I've noticed the following changes, please let me know if I missed any:

  -T tcp_client_limit    Number of TCP clients to serve. (Default: 20, Disabled: 0, Min: 1, Max: 200)
  -q                     Use HTTP/3 (QUIC) only.
  -m max_idle_time       Maximum idle time in seconds allowed for reusing a HTTPS connection.
                         (Default: 118, Min: 0, Max: 3600)
  -L conn_loss_time      Time in seconds to tolerate connection timeouts of reused connections.
                         This option mitigates half-open TCP connection issue (e.g. WAN IP change).
                         (Default: 15, Min: 5, Max: 60)
  -s statistic_interval  Optional statistic printout interval.
                         (Default: 0, Disabled: 0, Min: 1, Max: 3600)
  -F log_limit           Flight recorder: storing desired amount of logs from all levels
                         in memory and dumping them on fatal error or on SIGUSR2 signal.
                         (Default: 0, Disabled: 0, Min: 100, Max: 100000)

I'll add support for uci configuration for these in the init script first. Like with some other packages I think the less used (or more expert-like) settings should be separated into the advanced tab. Once the init script/uci support these options it would be a trivial update (beyond adding tabs) to support these in the luci app too.

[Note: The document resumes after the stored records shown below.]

(* An embedding of the l-torus T^l = R^l / Z^l into H: a continuous group
   homomorphism e : (R^l, +) -> H whose kernel is exactly Z^l.  It induces a
   continuous injective homomorphism R^l/Z^l -> H, which (T^l being compact and
   H Hausdorff) is an isomorphism of topological groups onto its image. *)
Definition torus_embedding (R : realType) (l : nat) (H : topGroup)
    (e : 'rV[R]_l -> H) :=
  [/\ continuous e,
      (forall x y, e (x + y) = tg_mul (e x) (e y)) &
      (forall x, e x = tg_one H <-> forall i, x ord0 i \is a Num.int)].

(* A continuous surjective homomorphism q : H -> C_p (C_p = 'Z_p, additive,
   discrete) whose kernel is exactly the image of the torus embedding e:
   i.e. a short exact sequence 1 -> T^l --e--> H --q--> C_p -> 1. *)
Definition torus_ext (R : realType) (p l : nat) (H : topGroup)
    (e : 'rV[R]_l -> H) (q : H -> 'Z_p) :=
  [/\ torus_embedding e,
      (forall x y, q (tg_mul x y) = q x + q y),
      (forall k, exists h, q h = k),
      (forall k, open (q @^-1` [set k])) &
      (forall h, q h = 0 <-> exists x, e x = h)].

From HB Require Import structures.
From mathcomp Require Import all_boot all_order all_algebra.
From mathcomp Require Import all_classical all_reals all_analysis.
Import numFieldTopology.Exports.
Import Order.TTheory GRing.Theory Num.Theory.
Local Open Scope classical_set_scope.
Local Open Scope ring_scope.

(* Let T = ker pi, the image of the torus e, pick g with pi g = 1 and put
   t0 = g ^+ p, an element of T.  Every h in G is uniquely t * g ^+ a with
   t in T and a < p, and t0 is central since T is abelian.
   1. Twisting (section Twist).  For a central z with pi z = 0 the product
        x * y * z ^+ carry(pi x, pi y),    carry(a, b) = (a + b) div p,
      is again a topological group law on the space of G: the carry is a
      2-cocycle, and pi is locally constant.  Torus and projection are
      unchanged.  For z = t0^-1 the powers g ^+ a (a < p) form a subgroup
      isomorphic to C_p, so the twisted group splitG is a split extension.
   2. The map pmap (t * g ^+ a) = t ^+ p * t0 ^+ a * g ^+ a is a continuous
      homomorphism from G onto splitG (onto because T is divisible).  Its
      kernel N, the p-torsion of T, is a closed normal subgroup, and G / N is
      the split extension splitG of T^n by C_p; hence l = n works. *)

(* The carrier of a topological group, equipped with its mathcomp group
   structure so that the group-theoretic library applies. *)
Definition GT (G : topGroup) : Type := tg_car G.
HB.instance Definition _ (G : topGroup) := Choice.on (GT G).
HB.instance Definition _ (G : topGroup) :=
  isGroup.Build (GT G) (@tg_mulA G) (@tg_mul1g G) (@tg_mulg1 G)
    (@tg_mulVg G) (@tg_mulgV G).
(* Let $G$ be a good finite group and let $N$ be a normal subgroup of $G$ of index $2$. Then the cyclic subgroups $\langle x\rangle$, where $x$ ranges over the $2$-elements of $G$ lying in $G\setminus N$, are not all conjugate in $G$; that is, there exist $2$-elements $x,y\in G\setminus N$ such that $\langle x\rangle$ and $\langle y\rangle$ are not conjugate in $G$.
   Context: A finite group is called good if its Sylow-2 subgroup is trivial or noncyclic. A $2$-element of $G$ is an element whose order is a power of $2$. *)

From mathcomp Require Import all_boot all_fingroup all_solvable.
Set Implicit Arguments. Unset Strict Implicit. Unset Printing Implicit Defensive.
Open Scope group_scope.

Definition good (gT : finGroupType) (G : {group gT}) : Prop :=
  forall S : {group gT}, S \in 'Syl_2(G) -> S :=: 1 \/ ~~ cyclic S.

From mathcomp Require Import all_boot all_fingroup all_solvable.
From Stdlib Require Import Classical.

Set Implicit Arguments.
Unset Strict Implicit.
Unset Printing Implicit Defensive.
Open Scope group_scope.

(* Suppose all the cyclic subgroups <y>, for y a 2-element of G outside N,
   are conjugate to X = <x>.  Then the conjugates of X \ N partition the set D
   of 2-elements of G outside N, so |D| = |G : N_G(X \ N)| |X| / 2.  By
   Frobenius' theorem |N|_2 divides |D|, which is the number of solutions of
   y ^ |G|_2 = 1 in G minus that of y ^ |N|_2 = 1 in N; as |G|_2 = 2 |N|_2,
   this gives that |N_G(X)|_2 divides |X|.  So a Sylow 2-subgroup S containing
   X satisfies N_S(X) = X, whence S = X by nilpotency: G has a nontrivial
   cyclic Sylow 2-subgroup, contradicting goodness. *)

Lemma pelt_Ldiv_part (gT : finGroupType) (pi : nat_pred) (H : {group gT}) y :
  y \in H -> (y ^+ #|H|`_pi == 1) = pi.-elt y.
Proof.
move=> Hy; apply/idP/idP=> [/eqP yn1 | piy].
  by apply: pnat_dvd (part_pnat pi #|H|); rewrite order_dvdn yn1.
by rewrite -order_dvdn -(part_pnat_id piy) partn_dvd ?order_dvdG.
Qed.

Lemma card_pelt_setD_dvd (gT : finGroupType) (pi : nat_pred) (G N : {group gT}) :
  N \subset G -> #|N|`_pi %| #|[set y in G :\: N | pi.-elt y]|.
Proof.
move=> sNG; pose L := 'Ldiv_(#|G|`_pi)(G).
have LN : L :&: N = 'Ldiv_(#|N|`_pi)(N).
  apply/setP=> y; rewrite !inE; case Ny: (y \in N); last by rewrite andbF.
  by rewrite (subsetP sNG) //= andbT !pelt_Ldiv_part ?(subsetP sNG).
have LD : L :\: N = [set y in G :\: N | pi.-elt y].
  apply/setP=> y; rewrite !inE; case Gy: (y \in G); last by rewrite !andbF.
  by rewrite andbT pelt_Ldiv_part.
have dvdN_G : #|N|`_pi %| #|G|`_pi by rewrite partn_dvd ?cardSg.
have dvdL : #|N|`_pi %| #|L| := dvdn_trans dvdN_G (Frobenius_Ldiv (dvdn_part _ _)).
have dvdLN : #|N|`_pi %| #|L :&: N| by rewrite LN Frobenius_Ldiv ?dvdn_part.
by rewrite -LD -(dvdn_addr _ dvdLN) cardsID.
Qed.

Lemma setD_index2_rcoset (gT : finGroupType) (G N X : {group gT}) x :
  N \subset G -> #|G : N| = 2 -> X \subset G -> x \in X :\: N ->
  X :\: N = (X :&: N) :* x.
Proof.
move=> sNG iGN sXG /setDP[Xx notNx].
have GNx : x \in G :\: N by rewrite inE notNx (subsetP sXG).
apply/setP=> w; rewrite mem_rcoset inE [in RHS]inE groupMr ?groupV // andbC.
case Xw: (w \in X) => //=.
by rewrite -mem_rcoset (rcoset_index2 sNG iGN GNx) inE (subsetP sXG) ?andbT.
Qed.

Lemma card_index2_setD (gT : finGroupType) (G N X : {group gT}) x :
  N \subset G -> #|G : N| = 2 -> X \subset G -> x \in X :\: N ->
  #|X| = (#|X :\: N| * 2)%N.
Proof.
move=> sNG iGN sXG XNx.
rewrite -(cardsID N X) (setD_index2_rcoset sNG iGN sXG XNx) card_rcoset.
by rewrite addnn muln2.
Qed.

Section ConjugateCyclicSubgroups.

Variables (gT : finGroupType) (G N : {group gT}).
Hypotheses (nsNG : N <| G) (iGN : #|G : N| = 2).

Let D := [set y in G :\: N | 2.-elt y].

Hypothesis conjD :
  {in D &, forall x y, exists2 g, g \in G & <[x]> :^ g = <[y]>}.

Variable x : gT.
Hypothesis Dx : x \in D.

Let X := <[x]>%G.
Let A := X :\: N.

Let sNG : N \subset G := normal_sub nsNG.
Let Gx : x \in G. Proof. by case/setIdP: Dx => /setDP[]. Qed.
Let notNx : x \notin N. Proof. by case/setIdP: Dx => /setDP[]. Qed.
Let sXG : X \subset G. Proof. by rewrite cycle_subG Gx. Qed.
Let Ax : x \in A. Proof. by rewrite inE notNx cycle_id. Qed.
Let pX : 2.-group X. Proof. by case/setIdP: Dx. Qed.

Lemma conj_cycle_setD g : g \in G -> A :^ g = X :^ g :\: N.
Proof. by move=> Gg; rewrite conjDg (normsP (normal_norm nsNG)). Qed.

Lemma conj_cycle_setD_sub g : g \in G -> A :^ g \subset D.
Proof.
move=> Gg; rewrite conj_cycle_setD //; apply/subsetP=> w /setDP[Xg_w notNw].
have sXgG : X :^ g \subset G by rewrite -(conjGid Gg) conjSg.
rewrite !inE notNw (subsetP sXgG) //=.
by apply: mem_p_elt Xg_w; rewrite pgroupJ.
Qed.

Lemma cycle_conj_cycle_setD g w : g \in G -> w \in A :^ g -> <[w]> = X :^ g.
Proof.
move=> Gg Aw; have [h _ Xh] := conjD Dx (subsetP (conj_cycle_setD_sub Gg) w Aw).
move: Aw; rewrite conj_cycle_setD // => /setDP[Xg_w _].
apply/eqP; rewrite eqEcard cycle_subG Xg_w -Xh /=.
by rewrite !cardJg.
Qed.

Lemma partition_conj_cycle_setD : partition (A :^: G) D.
Proof.
apply/and3P; split.
- rewrite eqEsubset; apply/andP; split.
    by apply/bigcupsP=> _ /imsetP[g Gg ->]; apply: conj_cycle_setD_sub.
  apply/subsetP=> w Dw; have [g Gg Xg] := conjD Dx Dw.
  apply/bigcupP; exists (A :^ g); first exact: imset_f.
  rewrite conj_cycle_setD // inE Xg cycle_id andbT.
  by case/setIdP: Dw => /setDP[].
- apply/trivIsetP=> _ _ /imsetP[g Gg ->] /imsetP[h Gh ->].
  apply: contraR; rewrite -setI_eq0 => /set0Pn[w /setIP[Ag_w Ah_w]].
  by rewrite !conj_cycle_setD // -(cycle_conj_cycle_setD Gg Ag_w)
    -(cycle_conj_cycle_setD Gh Ah_w).
- apply/imsetP=> [[g Gg A0]].
  by have := memJ_conjg A g x; rewrite Ax -A0 inE.
Qed.

Lemma card_pelt_setD : #|D| = (#|G : 'N_G(A)| * #|A|)%N.
Proof.
rewrite -card_conjugates.
by apply: card_uniform_partition partition_conj_cycle_setD => _ /imsetP[g _ ->];
  rewrite cardJg.
Qed.

Lemma part2_norm_cycle_dvd : #|'N_G(X)|`_2 %| #|X|.
Proof.
set M := 'N_G(X); have sMG : M \subset G := subsetIl _ _.
have cardX : #|X| = (#|A| * 2)%N := card_index2_setD sNG iGN sXG Ax.
have part2G : (#|G|`_2)%N = (#|N|`_2 * 2)%N.
  by rewrite -(Lagrange sNG) iGN partnM // (part_pnat_id (pnat_id _)).
have sM_NA : M \subset 'N_G(A).
  apply/subsetP=> g /setIP[Gg /normP nXg]; rewrite inE Gg /=.
  by apply/normP; rewrite conj_cycle_setD // nXg.
have dvdG : #|G|`_2 %| (#|G : M| * #|X|)%N.
  rewrite part2G cardX mulnA dvdn_pmul2r //.
  apply: dvdn_trans (card_pelt_setD_dvd 2 sNG) _.
  by rewrite card_pelt_setD dvdn_pmul2r ?indexgS //; apply/card_gt0P; exists x.
have := partn_dvd 2 (_ : 0 < (#|G : M| * #|X|)%N) dvdG.
rewrite muln_gt0 indexg_gt0 cardG_gt0 => /(_ isT).
rewrite (part_pnat_id (part_pnat _ _)) partnM // (part_pnat_id pX).
by rewrite -(Lagrange sMG) partnM // mulnC dvdn_pmul2l // part_gt0.
Qed.

Lemma cycle_Sylow : 2.-Sylow(G) X.
Proof.
have [S sylS sXS] := Sylow_superset sXG pX; have [sSG pS _] := and3P sylS.
have sX_NSX : X \subset 'N_S(X) by rewrite subsetI sXS normG.
have le_NSX : #|'N_S(X)| <= #|X|.
  apply: dvdn_leq => //; apply: dvdn_trans part2_norm_cycle_dvd.
  rewrite -(part_pnat_id (pgroupS (subsetIl _ _) pS)).
  by rewrite partn_dvd ?cardSg ?setSI.
have /eqP NSX : X :==: 'N_S(X) by rewrite eqEcard sX_NSX le_NSX.
by rewrite -(nilpotent_sub_norm (pgroup_nil pS) sXS) // -NSX.
Qed.

End ConjugateCyclicSubgroups.

Theorem lemma2p7 (gT : finGroupType) (G N : {group gT}) :
  good G -> N <| G -> #|G : N| = 2%N ->
  exists x y : gT,
    [/\ x \in G :\: N, y \in G :\: N, 2.-elt x, 2.-elt y &
        ~ (exists2 g, g \in G & <[x]> :^ g = <[y]>)].
Proof.
move=> goodG nsNG iGN; apply: NNPP => noPair.
have conjD : {in [set y in G :\: N | 2.-elt y] &, forall x y,
    exists2 g, g \in G & <[x]> :^ g = <[y]>}.
  move=> x y /setIdP[GNx px] /setIdP[GNy py]; apply: NNPP => not_conj.
  by apply: noPair; exists x, y.
have [S sylS] := Sylow_exists 2 G; have [sSG _ _] := and3P sylS.
have [x Sx notNx] : exists2 x, x \in S & x \notin N.
  apply/subsetPn/negP => sSN; case/and3P: sylS => _ _.
  by rewrite -(Lagrange_index (normal_sub nsNG) sSN) iGN p'natE // dvdn_mulr.
have Dx : x \in [set y in G :\: N | 2.-elt y].
  by rewrite !inE notNx (subsetP sSG) //= (mem_p_elt (pHall_pgroup sylS)).
have : <[x]>%G \in 'Syl_2(G) by rewrite inE (cycle_Sylow nsNG iGN conjD Dx).
case/goodG=> [/eqP | ]; last by rewrite cycle_cyclic.
by rewrite cycle_eq1 => /eqP x1; rewrite x1 group1 in notNx.
Qed.
Definition inner_is (f g : vec) (s : C) : Prop :=
  is_series (fun n => Cmult (f n) (Cconj (g n))) s.

Record op := Op { dom : vec -> Prop ; app : vec -> vec }.

Definition op_id : op := Op in_l2 (fun f => f).
Definition op_add (A B : op) : op :=
  Op (fun f => dom A f /\ dom B f) (fun f => vadd (app A f) (app B f)).
Definition op_sub (A B : op) : op :=
  Op (fun f => dom A f /\ dom B f) (fun f => vsub (app A f) (app B f)).
Definition op_scal (a : C) (A : op) : op := Op (dom A) (fun f => vscal a (app A f)).
Definition op_comp (A B : op) : op :=
  Op (fun f => dom B f /\ dom A (app B f)) (fun f => app A (app B f)).
Fixpoint op_pow (A : op) (k : nat) : op :=
  match k with O => op_id | S k' => op_comp A (op_pow A k') end.

Definition bnd_op (T : vec -> vec) : op := Op in_l2 T.

Definition opN : op :=
  Op (fun f => in_l2 f /\ in_l2 (fun n => Cmult (RtoC (INR n)) (f n)))
     (fun f n => Cmult (RtoC (INR n)) (f n)).
Definition opL : op := bnd_op (fun f n => f (S n)).
Definition opLs : op := bnd_op (fun f n => match n with O => RtoC 0 | S n' => f n' end).

Definition log_partial (A : op) (f : vec) (K : nat) : vec :=
  fun n => sum_n (fun k => match k with
                          | O => RtoC 0
                          | S _ => Cmult (RtoC (/ INR k)) (app (op_pow (op_sub op_id A) k) f n)
                          end) K.

Definition log_dom (A : op) (f : vec) : Prop :=
  (forall k, dom (op_pow A k) f) /\ exists g, l2_lim (log_partial A f) g.

Definition log_val (A : op) (f : vec) : vec :=
  epsilon (inhabits vzero) (fun g => l2_lim (log_partial A f) g).

Definition op_log (A : op) : op :=
  Op (log_dom A) (fun f => vscal (RtoC (-1)) (log_val A f)).

Definition opX (Y Ys : op) : op := op_sub (op_log Y) (op_log Ys).

Definition poly_eval (c : nat -> C) (m : nat) (z : C) : C :=
  sum_n (fun j => Cmult (c j) (pow_n z j)) m.

Definition poly_L (c : nat -> C) (m : nat) : op :=
  bnd_op (fun f n => sum_n (fun j => Cmult (c j) (app (op_pow opL j) f n)) m).

Definition is_adjoint (A B : op) : Prop :=
  forall f g, in_l2 f -> in_l2 g ->
    dom A f /\ dom B g /\ in_l2 (app A f) /\ in_l2 (app B g) /\
    exists s, inner_is (app A f) g s /\ inner_is f (app B g) s.
(* Let $q$ be a prime power, let $b,n,m',s\in\mathbb{N}$ with $b<n$, and set $m=m's$. Let $\mathcal S_q=\{\mathbf x\in\mathbb F_q^n:\mathrm{wt}(\mathbf x)\le b\}$. Fix a primitive polynomial $p(x)$ of degree $s$ over $\mathbb F_q$ and a root $\alpha\in\mathbb F_{q^s}$ of it, and let $\phi_s$ be the associated map $\mathbb F_q^{m\times n}\to\mathbb F_{q^s}^{m'\times n}$ described in the context. Let $\mathbf A\in\mathbb F_q^{m\times n}$ be such that $\phi_s(\mathbf A)$ is a parity check matrix of an $[n,n-m',d]_{q^s}$ linear code with $d>2b$. Then every $\mathbf x\in\mathcal S_q$ can be exactly recovered from the noiseless measurement $\mathbf y=\mathbf A\mathbf x$; that is, there exists a map $D:\mathbb F_q^m\to\mathbb F_q^n$ with $D(\mathbf A\mathbf x)=\mathbf x$ for all $\mathbf x\in\mathcal S_q$.
   Context: $\mathbb F_q$ denotes the finite field with $q$ elements and $\mathrm{wt}(\mathbf x)$ the number of nonzero entries of a vector $\mathbf x$. A primitive polynomial of degree $s$ over $\mathbb F_q$ is a monic irreducible polynomial of degree $s$ having a primitive element $\alpha$ of $\mathbb F_{q^s}$ (a generator of its multiplicative group) as a root; then $\{1,\alpha,\dots,\alpha^{s-1}\}$ is a basis of $\mathbb F_{q^s}$ over $\mathbb F_q$, and $\mathbb F_q\subseteq\mathbb F_{q^s}$. For $m=m's$ and $\mathbf C=[c_{ij}]\in\mathbb F_q^{m\times n}$, $\phi_s(\mathbf C)=[c'_{kl}]\in\mathbb F_{q^s}^{m'\times n}$ is defined by $c'_{kl}=\sum_{t=0}^{s-1}c_{(k-1)s+t+1,\,l}\,\alpha^t$ ($1\le k\le m'$, $1\le l\le n$). An $[N,K,D]_Q$ linear code is a $K$-dimensional subspace of $\mathbb F_Q^N$ whose minimum Hamming distance between distinct codewords is $D$. A parity check matrix of such a code is an $(N-K)\times N$ matrix over $\mathbb F_Q$ of rank $N-K$ whose null space is the code. *)

From HB Require Import structures.
From mathcomp Require Import all_boot all_order all_algebra all_field.
From mathcomp Require Import zify.
Set Implicit Arguments. Unset Strict Implicit. Unset Printing Implicit Defensive.
Import GRing.Theory.
Local Open Scope ring_scope.

Definition wt (K : nzRingType) (n : nat) (x : 'cV[K]_n) : nat :=
  #|[set j : 'I_n | x j 0 != 0]|.

(* row index (k-1)s + t + 1 (1-based) = k*s + t (0-based) *)
Lemma phi_idx_proof (m' s : nat) (k : 'I_m') (t : 'I_s) : (k * s + t < m' * s)%N.
Proof.
have hk := ltn_ord k; have ht := ltn_ord t.
have : (k.+1 * s <= m' * s)%N by rewrite leq_mul2r hk orbT.
rewrite mulSn; lia.
Qed.

Definition phi_idx (m' s : nat) (k : 'I_m') (t : 'I_s) : 'I_(m' * s) :=
  Ordinal (phi_idx_proof k t).

Definition phi_s (F L : fieldType) (iota : {rmorphism F -> L}) (alpha : L)
  (m' s n : nat) (A : 'M[F]_(m' * s, n)) : 'M[L]_(m', n) :=
  \matrix_(k < m', l < n) \sum_(t < s) iota (A (phi_idx k t) l) * alpha ^+ t.

Definition code_of (L : fieldType) (r n : nat) (H : 'M[L]_(r, n)) : pred 'cV[L]_n :=
  fun c => H *m c == 0.

Definition is_parity_check_of (L : fieldType) (r N : nat) (H : 'M[L]_(r, N))
  (K D : nat) : Prop :=
  r = (N - K)%N /\ \rank H = (N - K)%N /\
  (exists2 c : 'cV[L]_N, (c \in code_of H) && (c != 0) & wt c = D) /\
  (forall c : 'cV[L]_N, c \in code_of H -> c != 0 -> (D <= wt c)%N).

Definition primitive_poly_root (F L : finFieldType) (iota : {rmorphism F -> L})
  (s : nat) (p : {poly F}) (alpha : L) : Prop :=
  [/\ p \is monic, irreducible_poly p, size p = s.+1,
      root (map_poly iota p) alpha & (#|L|.-1).-primitive_root alpha].

From HB Require Import structures.
From mathcomp Require Import all_boot all_order all_algebra all_field.
Set Implicit Arguments. Unset Strict Implicit. Unset Printing Implicit Defensive.
Import GRing.Theory.
Local Open Scope ring_scope.

(* If A x = A y with x, y of weight at most b, then x - y lies in the kernel of
   A, so its image under the field embedding is a codeword of the code with
   parity check matrix phi_s(A) of weight at most 2b < d; hence x = y.  A
   syndrome therefore determines the sparse vector, and a decoder is obtained by
   picking the unique sparse preimage. *)

Lemma phi_s_mul (F L : fieldType) (iota : {rmorphism F -> L}) (alpha : L)
    (m' s n r : nat) (A : 'M[F]_(m' * s, n)) (Z : 'M[F]_(n, r)) :
  phi_s iota alpha (A *m Z) = phi_s iota alpha A *m map_mx iota Z.
Proof.
apply/matrixP=> k j; rewrite !mxE.
under [RHS]eq_bigr => l _ do rewrite !mxE big_distrl /=.
rewrite exchange_big /=; apply: eq_bigr => t _.
rewrite !mxE rmorph_sum big_distrl /=; apply: eq_bigr => l _.
by rewrite rmorphM /= -!mulrA [alpha ^+ t * _]mulrC.
Qed.

Lemma phi_s0 (F L : fieldType) (iota : {rmorphism F -> L}) (alpha : L)
    (m' s n : nat) :
  phi_s iota alpha (0 : 'M[F]_(m' * s, n)) = 0.
Proof.
apply/matrixP=> k j; rewrite !mxE big1 // => t _.
by rewrite mxE rmorph0 mul0r.
Qed.

Lemma wt_map_mx (F L : fieldType) (iota : {rmorphism F -> L}) (n : nat)
    (z : 'cV[F]_n) :
  wt (map_mx iota z) = wt z.
Proof. by apply: eq_card => j; rewrite !inE mxE fmorph_eq0. Qed.

Lemma wtB_le (K : nzRingType) (n : nat) (x y : 'cV[K]_n) :
  (wt (x - y) <= wt x + wt y)%N.
Proof.
apply: leq_trans (leq_card_setU _ _); apply: subset_leq_card.
apply/subsetP=> j; rewrite !inE !mxE; apply: contraR; rewrite negb_or !negbK.
by move=> /andP[/eqP -> /eqP ->]; rewrite subr0.
Qed.

Lemma phi_s_kernel_wt (F L : fieldType) (iota : {rmorphism F -> L})
    (alpha : L) (m' s n d : nat) (A : 'M[F]_(m' * s, n)) :
  (forall c, c \in code_of (phi_s iota alpha A) -> c != 0 -> (d <= wt c)%N) ->
  forall z : 'cV[F]_n, A *m z = 0 -> z != 0 -> (d <= wt z)%N.
Proof.
move=> code_wt z Az nz_z; rewrite -(wt_map_mx iota z); apply: code_wt.
  by rewrite unfold_in /code_of -phi_s_mul Az phi_s0.
by rewrite map_mx_eq0.
Qed.

Lemma sparse_mulmx_inj (K : fieldType) (r n b d : nat) (A : 'M[K]_(r, n)) :
  (forall z : 'cV[K]_n, A *m z = 0 -> z != 0 -> (d <= wt z)%N) ->
  (2 * b < d)%N ->
  {in [pred x : 'cV[K]_n | wt x <= b]%N &, injective (mulmx A)}.
Proof.
move=> kernel_wt lt_2b_d x y wt_x wt_y Axy; apply/eqP; rewrite -subr_eq0.
apply: contraLR lt_2b_d => nz_xy; rewrite -leqNgt.
apply: leq_trans (kernel_wt _ _ nz_xy) _; first by rewrite mulmxBr Axy subrr.
by rewrite (leq_trans (wtB_le x y)) // mul2n -addnn leq_add.
Qed.

Lemma exists_inverse_on (T : finType) (U : eqType) (x0 : T) (P : pred T)
    (f : T -> U) :
  {in P &, injective f} -> exists g : U -> T, {in P, cancel f g}.
Proof.
move=> f_inj; exists (fun u => odflt x0 [pick x in P | f x == u]).
move=> x Px; case: pickP => [y /andP[Py /eqP fy]|/(_ x)]; first exact: f_inj.
by rewrite Px eqxx.
Qed.

Theorem theorem1 (F L : finFieldType) (iota : {rmorphism F -> L})
  (b n m' s d : nat) (p : {poly F}) (alpha : L) (A : 'M[F]_(m' * s, n)) :
  (b < n)%N ->
  #|L| = (#|F| ^ s)%N ->
  primitive_poly_root iota s p alpha ->
  is_parity_check_of (phi_s iota alpha A) (n - m') d ->
  (2 * b < d)%N ->
  exists D : 'cV[F]_(m' * s) -> 'cV[F]_n,
    forall x : 'cV[F]_n, (wt x <= b)%N -> D (A *m x) = x.
Proof.
move=> _ _ _ [_ [_ [_ code_wt]]] lt_2b_d.
have A_inj := sparse_mulmx_inj (phi_s_kernel_wt code_wt) lt_2b_d.
have [D DK] := exists_inverse_on 0 A_inj.
by exists D => x wt_x; apply: DK.
Qed.
(* Indices [N] are represented by 'I_N (0-based; only the order matters).
   An N-partitioned hypergraph is given by a finite vertex type V,
   a map [part : V -> 'I_N * 'I_N] sending v to the (i,j) with v \in V_ij,
   and a set of edges E : {set {set V}}. *)

Definition Vpart (N : nat) (V : finType) (part : V -> 'I_N * 'I_N)
  (i j : 'I_N) : {set V} := [set v | part v == (i, j)].

Definition is_npartitioned (N : nat) (V : finType)
  (part : V -> 'I_N * 'I_N) (E : {set {set V}}) : Prop :=
  (forall v : V, ((part v).1 < (part v).2)%N) /\
  (forall i j : 'I_N, (i < j)%N -> exists v : V, v \in Vpart part i j) /\
  (forall e, e \in E -> exists (i j k : 'I_N) (a b c : V),
      [/\ (i < j)%N, (j < k)%N & e = [set a; b; c]] /\
      [/\ a \in Vpart part i j, b \in Vpart part i k & c \in Vpart part j k]).

From HB Require Import structures.
From mathcomp Require Import all_boot all_order all_algebra.
From mathcomp Require Import reals.
From mathcomp Require Import zify lra.
Import Order.TTheory GRing.Theory Num.Theory.
Set Implicit Arguments. Unset Strict Implicit. Unset Printing Implicit Defensive.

PS. So with the binary you can set these options per-instance. The WebUI for the instance settings already looks overloaded, so If you're willing to provide your feedback/confirm which settings have more to do with environment/OS and can be globalized (like the user/group should most likely be the same for all instances) and which settings might be more resolver-specific I'd be all ears.

@baranyaib90
Copy link
Contributor Author

Advanced tab sounds great!

Resolver specific:

  • HTTP/3 (QUIC) option if supported by openwrt libcurl
  • max_idle_time, since it depends on resolver server configuration

Other options are more like global.

@stangri
Copy link
Contributor

stangri commented Sep 1, 2025

Advanced tab sounds great!

The more I thought about integrating more of the CLI options into the init script, the more I think following makes sense:

  • the options can be defined either at the main config level or instance level
  • if the instance level option isn't defined, it's inherited from the main config level
  • the default value options are no longer added to the PROCD command

So for example:

config main 'config'
	option dnsmasq_config_update '*'
	option force_dns '1'
	list force_dns_port '53'

config https-dns-proxy
	option bootstrap_dns '1.1.1.1,1.0.0.1'
	option resolver_url 'https://cloudflare-dns.com/dns-query'
	option listen_addr '127.0.0.1'
	option listen_port '5053'
	option user 'nobody'
	option group 'nogroup'

config https-dns-proxy
	option bootstrap_dns '8.8.8.8,8.8.4.4'
	option resolver_url 'https://dns.google/dns-query'
	option listen_addr '127.0.0.1'
	option listen_port '5054'
	option user 'nobody'
	option group 'nogroup'

Can become more compact:

config main 'config'
	option dnsmasq_config_update '*'
	option force_dns '1'
	list force_dns_port '53'
	option listen_addr '127.0.0.1'
	option user 'nobody'
	option group 'nogroup'

config https-dns-proxy
	option bootstrap_dns '1.1.1.1,1.0.0.1'
	option resolver_url 'https://cloudflare-dns.com/dns-query'
	option listen_port '5053'

config https-dns-proxy
	option bootstrap_dns '8.8.8.8,8.8.4.4'
	option resolver_url 'https://dns.google/dns-query'
	option listen_port '5054'

And the PROCD command no longer includes -a 127.0.0.1 as it's a default value.

That gives flexibility in configuring and in adding options support to the WebUI.

That also means that I would have to update the init script in multiple places if some default values change upstream/here.

I've documented it at https://docs.openwrt.melmac.ca/https-dns-proxy/#global-settings-for-instances and CI is rebuilding 2025.09.01-r1 with the init file fixes.

@baranyaib90
Copy link
Contributor Author

Nice page. The only thing I'm missing is the settings value range. e.g. (Default: 0, Disabled: 0, Min: 1, Max: 3600)
Obviously it is up to you to include them or not.

@stangri
Copy link
Contributor

stangri commented Sep 2, 2025

Nice page. The only thing I'm missing is the settings value range. e.g. (Default: 0, Disabled: 0, Min: 1, Max: 3600) Obviously it is up to you to include them or not.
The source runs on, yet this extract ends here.